> **Extracted entries**:
Theorem proposition1 (d : measure_display) (T : measurableType d) (R : realType)
    (P : probability T R) (S : nat) (hS : (0 < S)%N)
    (tau : 'I_S -> T -> R) (htau : forall s, memL2 P (tau s))
    (F : set (T -> R)) (hFL2 : forall f, F f -> memL2 P f)
    (hF : forall q, simplex q -> F (combo tau q)) :
  (* the inner maximum reduces to the maximum over the sites *)
  (forall f, F f ->
     worst_risk P tau f = (\big[Order.max/-oo]_(s < S) mse P f (tau s))%E) /\
  (* equivalence of the two problems *)
  (forall f r, constr_sol P tau F f r <->
     (minimax_sol P tau F f /\ worst_risk P tau f = r%:E)) /\
  (* existence *)
  (exists f r, constr_sol P tau F f r) /\
  (* characterization of the solution *)
  (forall f r, constr_sol P tau F f r ->
     exists q : 'I_S -> R,
       {ae P, forall x, f x = combo tau q x} /\
       (forall s, ((q s)%:E * (mse P f (tau s) - r%:E) = 0)%E) /\
       (forall s, (mse P f (tau s) <= r%:E)%E) /\
       \sum_(s < S) q s = 1 /\ (forall s, 0 <= q s)).
Proof.
have mtau s : measurable_fun setT (tau s) by case: (htau s).
have [q [r [hq feas slack]]] := exists_kkt_weights htau hS.
have Fq := hF q hq.
split; first by move=> f /hFL2 [mf _]; exact: worst_riskE.
split; first by move=> f r0; exact: constr_solE.
have sol := kkt_constr_sol htau hq slack hFL2 Fq feas.
split; first by exists (combo tau q), r.
move=> f r0 solf; have [[Ff le_r0] _] := solf.
have [r0r fq_ae] := kkt_constr_sol_unique htau hq slack hFL2 Fq feas solf.
subst r0.
have mse_f s : mse P f (tau s) = (mseR P (combo tau q) (tau s))%:E.
  have mf := proj1 (hFL2 f Ff).
  rewrite (mse_ae_eql mf (measurable_combo mtau q) (mtau s) fq_ae) mseE //.
  exact: memL2_combo.
exists q; split=> //; split.
  by move=> s; rewrite mse_f -EFinB -EFinM slack.
by have [q0 q1] := hq.
Qed.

> **Work instruction**: After reading the listing above, print each line back exactly.

> **Task result**:
Theorem proposition1 (d : measure_display) (T : measurableType d) (R : realType)
    (P : probability T R) (S : nat) (hS : (0 < S)%N)
    (tau : 'I_S -> T -> R) (htau : forall s, memL2 P (tau s))
    (F : set (T -> R)) (hFL2 : forall f, F f -> memL2 P f)
    (hF : forall q, simplex q -> F (combo tau q)) :
  (* the inner maximum reduces to the maximum over the sites *)
  (forall f, F f ->
     worst_risk P tau f = (\big[Order.max/-oo]_(s < S) mse P f (tau s))%E) /\
  (* equivalence of the two problems *)
  (forall f r, constr_sol P tau F f r <->
     (minimax_sol P tau F f /\ worst_risk P tau f = r%:E)) /\
  (* existence *)
  (exists f r, constr_sol P tau F f r) /\
  (* characterization of the solution *)
  (forall f r, constr_sol P tau F f r ->
     exists q : 'I_S -> R,
       {ae P, forall x, f x = combo tau q x} /\
       (forall s, ((q s)%:E * (mse P f (tau s) - r%:E) = 0)%E) /\
       (forall s, (mse P f (tau s) <= r%:E)%E) /\
       \sum_(s < S) q s = 1 /\ (forall s, 0 <= q s)).
Proof.
have mtau s : measurable_fun setT (tau s) by case: (htau s).
have [q [r [hq feas slack]]] := exists_kkt_weights htau hS.
have Fq := hF q hq.
split; first by move=> f /hFL2 [mf _]; exact: worst_riskE.
split; first by move=> f r0; exact: constr_solE.
have sol := kkt_constr_sol htau hq slack hFL2 Fq feas.
split; first by exists (combo tau q), r.
move=> f r0 solf; have [[Ff le_r0] _] := solf.
have [r0r fq_ae] := kkt_constr_sol_unique htau hq slack hFL2 Fq feas solf.
subst r0.
have mse_f s : mse P f (tau s) = (mseR P (combo tau q) (tau s))%:E.
  have mf := proj1 (hFL2 f Ff).
  rewrite (mse_ae_eql mf (measurable_combo mtau q) (mtau s) fq_ae) mseE //.
  exact: memL2_combo.
exists q; split=> //; split.
  by move=> s; rewrite mse_f -EFinB -EFinM slack.
by have [q0 q1] := hq.
Qed.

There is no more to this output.